Part Three is about “the strange doubleness of being alive” – a recurrent theme from early autobiography (The Invention of Solitude) to later novels (Man in the Dark) – as Auster revisits letters he wrote to Lydia Davis, who would become his first wife and a celebrated author, while studying in Paris in the late-1960s.

Like Auster and Coetzee, Auster and Davis make an odd duo; unlike Coetzee, Davis receives reams of pretentious, insensitive complaint. The warts-and-all publication of these “love letters” commands respect but, like the film summaries, their purpose is unclear beyond showing how sad young literary men say silly things to impress women: “I think, in some profound way, that I have fled from the real.”

Back in New York, Auster translates French poetry and gets arrested during student protests. The text culminates in a long letter to Davis, the book’s high point, in which he tours boardwalks and burlesque clubs, offering a vivid record of artistic promise, the end of the Sixties. It’s unfortunate, then, that Part Four epitomises the complacency that’s dogged his recent output. The jacket copy hails this album of period photographs – diners, Buddy Holly, film stills – as a “unique climax” where “the book breaks away from prose into pure imagery”. It’s padding.

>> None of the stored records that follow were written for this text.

Lemma count_predI2 p s a b : uniq s -> a != b -> a \in s -> b \in s ->
  count (fun w => p w && ((w == a) || (w == b))) s = (p a + p b)%N.
Proof.
move=> us ab as_ bs; rewrite -(count_predI1 p us as_) -(count_predI1 p us bs).
rewrite -count_predUI (eq_count (a1 := predI _ _) (a2 := pred0)) ?count_pred0.
  by rewrite addn0; apply: eq_count => w /=; rewrite andb_orr.
move=> w /=; apply/negbTE; by apply: contra ab => /andP[/andP[_ /eqP <-] /andP[_ /eqP <-]].
Qed.

Lemma sum_bool_count (I : Type) (s : seq I) (p q : pred I) :
  (\sum_(i <- s | p i) (q i : nat))%N = count (predI p q) s.
Proof. by rewrite -sum1_count big_mkcondr; apply: eq_bigr => i _; case: (q i). Qed.

Lemma sum_Posz (I : Type) (s : seq I) (p : pred I) (F : I -> nat) :
  (\sum_(i <- s | p i) Posz (F i))%R = Posz (\sum_(i <- s | p i) F i).
Proof. by rewrite (big_morph Posz PoszD (erefl 0%Z)). Qed.

End SeqCount.

Section PosetSeq.
Context {d : Order.disp_t} {T : porderType d}.

Lemma exists_maximal (s : seq T) (p : pred T) z : z \in s -> p z ->
  exists2 m, (m \in s) && p m & ~~ has (fun v => p v && (m < v)) s.
Proof.
have [n] := ubnP (count (fun v => p v && (z < v)) s).
elim: n z => // n IH z; rewrite ltnS => cz zs pz.
have [/hasP[v vs /andP[pv zv]]|] := boolP (has (fun v => p v && (z < v)) s); last first.
  by exists z; rewrite ?zs.
apply: (IH v) => //; apply: leq_trans cz; apply: (sub_count_ltn (z := v)) => //=.
- by move=> u /andP[-> /(lt_trans zv)->].
- by rewrite pv.
- by rewrite ltxx andbF.
Qed.

End PosetSeq.

Section Semilattice.
Context {d : Order.disp_t} {P : meetSemilatticeType d}.
Implicit Types (C T : seq P) (x y z : P).

Lemma moebius_unique (S : seq P) x (f : P -> int) :
  f x = 1%R ->
  {in S, forall y, y != x -> ~~ (y < x) -> f y = 0%R} ->
  {in S, forall y, y < x -> f y = (- \sum_(w <- S | (y < w)%O && (w <= x)%O) f w)%R} ->
  {in S, forall y, moebius S y x = f y}.
Proof.
move=> fx f0 frec.
suff mu_f n y : y \in S -> (count (fun w : P => (y < w)%O && (w <= x)%O) S < n)%N ->
    mu_rec S n y x = f y.
  move=> y yS; apply: mu_f => //; rewrite -count_predT.
  by apply: (sub_count_ltn (z := y)); rewrite ?ltxx.
elim: n y => // n IH y yS cy /=.
have [->|yx] := eqVneq y x; first by rewrite fx.
have [lt_yx|nlt] := boolP (y < x); last by rewrite f0.
rewrite (frec y yS lt_yx); congr (- _)%R; rewrite big_seq_cond [RHS]big_seq_cond.
apply: eq_bigr => w /andP[wS /andP[yw wx]]; apply: IH => //.
rewrite -ltnS; apply: leq_trans cy; apply: (sub_count_ltn (z := w)) => //=.
- by move=> u /andP[/(lt_trans yw) -> ->].
- by rewrite yw.
- by rewrite ltxx.
Qed.

Definition is_glb T y := forall z, (z <= y) = all (fun v => z <= v) T.

Lemma is_glb_foldr h T : is_glb (h :: T) (foldr Order.meet h T).
Proof.
move=> z; elim: T => [|a T IH] /=; first by rewrite andbT.
by rewrite lexI IH /= andbCA.
Qed.

Lemma is_glb_unique T y y' : is_glb T y -> is_glb T y' -> y = y'.
Proof. by move=> gy gy'; apply/le_anti; rewrite gy' -gy lexx gy -gy' lexx. Qed.

Lemma meetcl_glb C y : y \in meetcl C ->
  exists h, exists2 T, all (mem C) (h :: T) & is_glb (h :: T) y.
Proof.
rewrite mem_pmap => /mapP[t _]; case E: (mask t C) => [|h T] // [->].
exists h, T; last exact: is_glb_foldr.
by apply/allP => v; rewrite -E => /mem_mask.
Qed.

Lemma glb_meetcl C T y : T != [::] -> all (mem C) T -> is_glb T y -> y \in meetcl C.
Proof.
move=> T0 TC gy; rewrite mem_pmap; apply/mapP.
exists (map_tuple (mem T) (in_tuple C)); first by rewrite mem_enum.
rewrite /= -filter_mask; case E: (filter (mem T) C) => [|h s].
  case: T T0 TC gy E => // a T _ /andP[aC _] _ /eqP; rewrite -size_eq0 size_filter.
  by rewrite -leqn0 leqNgt -has_count; case/negP; apply/hasP; exists a; rewrite ?inE ?eqxx.
congr Some; apply: is_glb_unique (is_glb_foldr h s) => z; rewrite -E gy.
apply: eq_all_r => v; rewrite mem_filter andb_idr // => vT.
exact: (allP TC).
Qed.

Lemma meetcl_id C c : c \in C -> c \in meetcl C.
Proof.
move=> cC; apply: (glb_meetcl (T := [:: c])) => //=; first by rewrite cC.
by move=> z /=; rewrite andbT.
Qed.

Lemma meetcl_le C y : y \in meetcl C -> exists2 c, c \in C & y <= c.
Proof.
case/meetcl_glb => h [T /andP[hC _] gy]; exists h => //.
by have := gy y; rewrite lexx => /esym/andP[].
Qed.

Lemma meetclI C y z : y \in meetcl C -> z \in meetcl C -> y `&` z \in meetcl C.
Proof.
case/meetcl_glb => h1 [T1 C1 g1]; case/meetcl_glb => h2 [T2 C2 g2].
apply: (glb_meetcl (T := (h1 :: T1) ++ (h2 :: T2))) => //; first by rewrite all_cat C1.
by move=> v; rewrite lexI g1 g2 all_cat.
Qed.

Lemma meetcl_sub (S : seq P) C : meet_closed_seq S -> {subset C <= S} ->
  {subset meetcl C <= S}.
Proof.
move=> mcS CS y /meetcl_glb[h [T TC gy]]; rewrite (is_glb_unique gy (is_glb_foldr h T)).
elim: T TC {gy} => [|a T IH] /=; first by rewrite andbT => /CS.
case/and3P=> hC aC TC; apply: mcS; [exact: CS | apply: IH; exact/andP].
Qed.

Lemma maximal_in_top T t w : is_top T t -> maximal_in T w = (w == t).
Proof.
case/andP=> tT /allP Tt; apply/idP/eqP => [/andP[wT /hasPn wmax]|->].
  by move: (Tt w wT); rewrite le_eqVlt (negbTE (wmax t tT)) orbF => /eqP.
by rewrite /maximal_in tT; apply/hasPn => v /Tt/le_gtF ->.
Qed.

End Semilattice.

Section Covers.
Context {d : Order.disp_t} {P : meetSemilatticeType d}.
Variables (S : seq P) (x : P).
Hypotheses (uS : uniq S) (mcS : meet_closed_seq S) (xS : x \in S).

Local Notation C := (cov_set S x).
Local Notation M := (meetcl C).

Definition proper_meet w := (w \in M) && (w \notin C).

Lemma mem_cov_set c : (c \in C) = (c \in S) && covby S c x.
Proof. by rewrite mem_filter andbC. Qed.

Lemma cov_set_uniq : uniq C.
Proof. exact: filter_uniq. Qed.

Lemma cov_set_sub : {subset C <= S}.
Proof. by move=> c; rewrite mem_cov_set => /andP[]. Qed.

Lemma cov_set_lt c : c \in C -> c < x.
Proof. by rewrite mem_cov_set => /andP[_ /and4P[]]. Qed.

Lemma cov_set_eq c1 c2 : c1 \in C -> c2 \in C -> c1 <= c2 -> c1 = c2.
Proof.
move=> c1C c2C; rewrite le_eqVlt => /predU1P[//|lt12].
move: c1C; rewrite mem_cov_set => /andP[_ /and4P[_ _ _ /hasPn/(_ c2)]].
by rewrite lt12 cov_set_lt // cov_set_sub // => /(_ isT).
Qed.
Lemma MVT_from0 (f df : R -> R) (s : R) :
  (forall c : R, `|c| <= `|s| -> is_derive c 1 f (df c)) ->
  exists2 c, `|c| <= `|s| & f s - f 0 = df c * s.
Proof.
move=> Df.
have MVT_in a b : a <= b -> (forall c, a <= c <= b -> `|c| <= `|s|) ->
    exists2 c, `|c| <= `|s| & f b - f a = df c * (b - a).
  move=> ab abs.
  have Dab c : c \in `]a, b[ -> is_derive c 1 f (df c).
    by rewrite in_itv => /andP[ac cb]; apply/Df/abs; rewrite !ltW.
  have Cab : {within `[a, b], continuous f}.
    apply/continuous_in_subspaceT => c; rewrite inE /= in_itv /= => /abs /Df [+ _].
    by move=> /derivable1_diffP /differentiable_continuous.
  have [c cab ->] := MVT_segment ab Dab Cab.
  by exists c => //; apply: abs; move: cab; rewrite in_itv /=.
have [s0|s0] := leP 0 s.
  have [|c cs ->] := MVT_in 0 s s0; last by exists c; rewrite // subr0.
  by move=> c /andP[c0 cs]; rewrite !ger0_norm // (le_trans c0).
have [|c cs E] := MVT_in s 0 (ltW s0).
  by move=> c /andP[sc c0]; rewrite !ler0_norm ?lerN2 // ltW.
by exists c => //; rewrite -opprB E sub0r mulrN opprK.
Qed.

End RealDerivatives.

Section RowTruncation.
Variables (R : realType) (n : nat).
Implicit Type h : 'rV[R]_n.

Definition row_trunc (k : nat) h : 'rV[R]_n :=
  \row_l (if (l < k)%N then h 0 l else 0).

Lemma row_trunc0 h : row_trunc 0 h = 0.
Proof. by apply/rowP => l; rewrite !mxE. Qed.

Lemma row_trunc_full h : row_trunc n h = h.
Proof. by apply/rowP => l; rewrite !mxE ltn_ord. Qed.

Lemma row_truncS h (k : 'I_n) :
  row_trunc k.+1 h = row_trunc k h + h 0 k *: delta_mx 0 k.
Proof.
apply/rowP => l; rewrite !mxE eqxx /= ltnS leq_eqVlt.
have [->|lk] := eqVneq l k; first by rewrite eqxx ltnn mulr1 add0r.
by rewrite mulr0 addr0 (negbTE (lk : l != k :> nat)).
Qed.

Lemma norm_row_trunc_line h (k : 'I_n) (c : R) :
  `|c| <= `|h 0 k| -> `|row_trunc k h + c *: delta_mx 0 k| <= `|h|.
Proof.
move=> ck; apply: mx_norm_le => // i l; rewrite (ord1 i) !mxE eqxx /=.
have [->|lk] := eqVneq l k.
  by rewrite ltnn mulr1 add0r (le_trans ck) ?mx_coord_le_norm.
rewrite mulr0 addr0; case: ifP => _; last by rewrite normr0.
exact: mx_coord_le_norm.
Qed.

End RowTruncation.

Section ContinuousPartials.
Variables (R : realType) (n m : nat) (f : 'rV[R]_n -> 'rV[R]_m) (x : 'rV[R]_n).
Local Notation e k := (delta_mx 0 k : 'rV[R]_n).
Local Notation D k := ('D_(e k) f x).

Definition lin_partials (h : 'rV[R]_n) : 'rV[R]_m := \sum_(k < n) h 0 k *: D k.

Lemma lin_partials_is_linear : linear lin_partials.
Proof.
move=> a u v; rewrite /lin_partials scaler_sumr -big_split.
by apply: eq_bigr => k _ /=; rewrite !mxE scalerDl scalerA.
Qed.

Lemma continuous_lin_partials : continuous lin_partials.
Proof.
apply: continuous_big => [z|k _ h]; first exact: add_continuous.
by apply: continuousZr_tmp; exact: coord_continuous.
Qed.

Lemma increment_telescope h :
  f (x + h) - f x - lin_partials h =
  \sum_(k < n) (f (x + row_trunc k.+1 h) - f (x + row_trunc k h) - h 0 k *: D k).
Proof.
pose F k := f (x + row_trunc k h).
rewrite sumrB -(big_mkord xpredT (fun k => F k.+1 - F k)) telescope_sumr //.
by rewrite /F row_trunc_full row_trunc0 addr0.
Qed.

Lemma partial_increment_le (k : 'I_n) h (d eps : R) :
  (forall y, ball x d y -> derivable f y (e k)) ->
  (forall y, ball x d y -> `|D k - 'D_(e k) f y| <= eps) -> `|h| < d ->
  `|f (x + row_trunc k.+1 h) - f (x + row_trunc k h) - h 0 k *: D k| <= `|h| * eps.
Proof.
move=> Df_near Df_close hd.
have ball_line c : `|c| <= `|h 0 k| -> ball x d (x + row_trunc k h + c *: e k).
  move=> ck; rewrite -ball_normE /= -addrA opprD addrA subrr add0r normrN.
  exact: le_lt_trans (norm_row_trunc_line ck) hd.
have eps0 : 0 <= eps.
  exact: le_trans (normr_ge0 _) (Df_close x (ballxx _ (le_lt_trans (normr_ge0 h) hd))).
apply: mx_norm_le => [|i j]; first by rewrite mulr_ge0.
pose g t := f (x + row_trunc k h + t *: e k) i j.
have Dg (c : R) : `|c| <= `|h 0 k| ->
    is_derive c 1 g ('D_(e k) f (x + row_trunc k h + c *: e k) i j).
  move=> /ball_line /Df_near Df.
  have [DF <-] := is_derive_coord i j Df.
  exact: is_derive_along_line.
have [c /ball_line /Df_close Dc_le g_incr] := MVT_from0 Dg.
have g0 : g 0 = f (x + row_trunc k h) i j by rewrite /g scale0r addr0.
have gh : g (h 0 k) = f (x + row_trunc k.+1 h) i j by rewrite /g row_truncS addrA.
rewrite !mxE -g0 -gh g_incr.
rewrite mulrC -mulrBr normrM ler_pM //; first exact: mx_coord_le_norm.
apply: le_trans Dc_le; rewrite distrC.
by apply: le_trans (mx_coord_le_norm _ i j); rewrite !mxE.
Qed.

What would the ambitious, young author of the letters to Davis make of Report from the Interior? He’d balk at the cover price and return to his Mallarmé. It’s difficult also to square Coetzee’s thoughtful correspondent with this scrappy memoir. Like Winter Journal, it concerns events which Auster feels driven to write about, so perhaps the hero of The Incredible Shrinking Man speaks for him when he says: “I was telling the world of my experience, and with the telling it became easier.” But does he ever consider his reader? You have to wonder.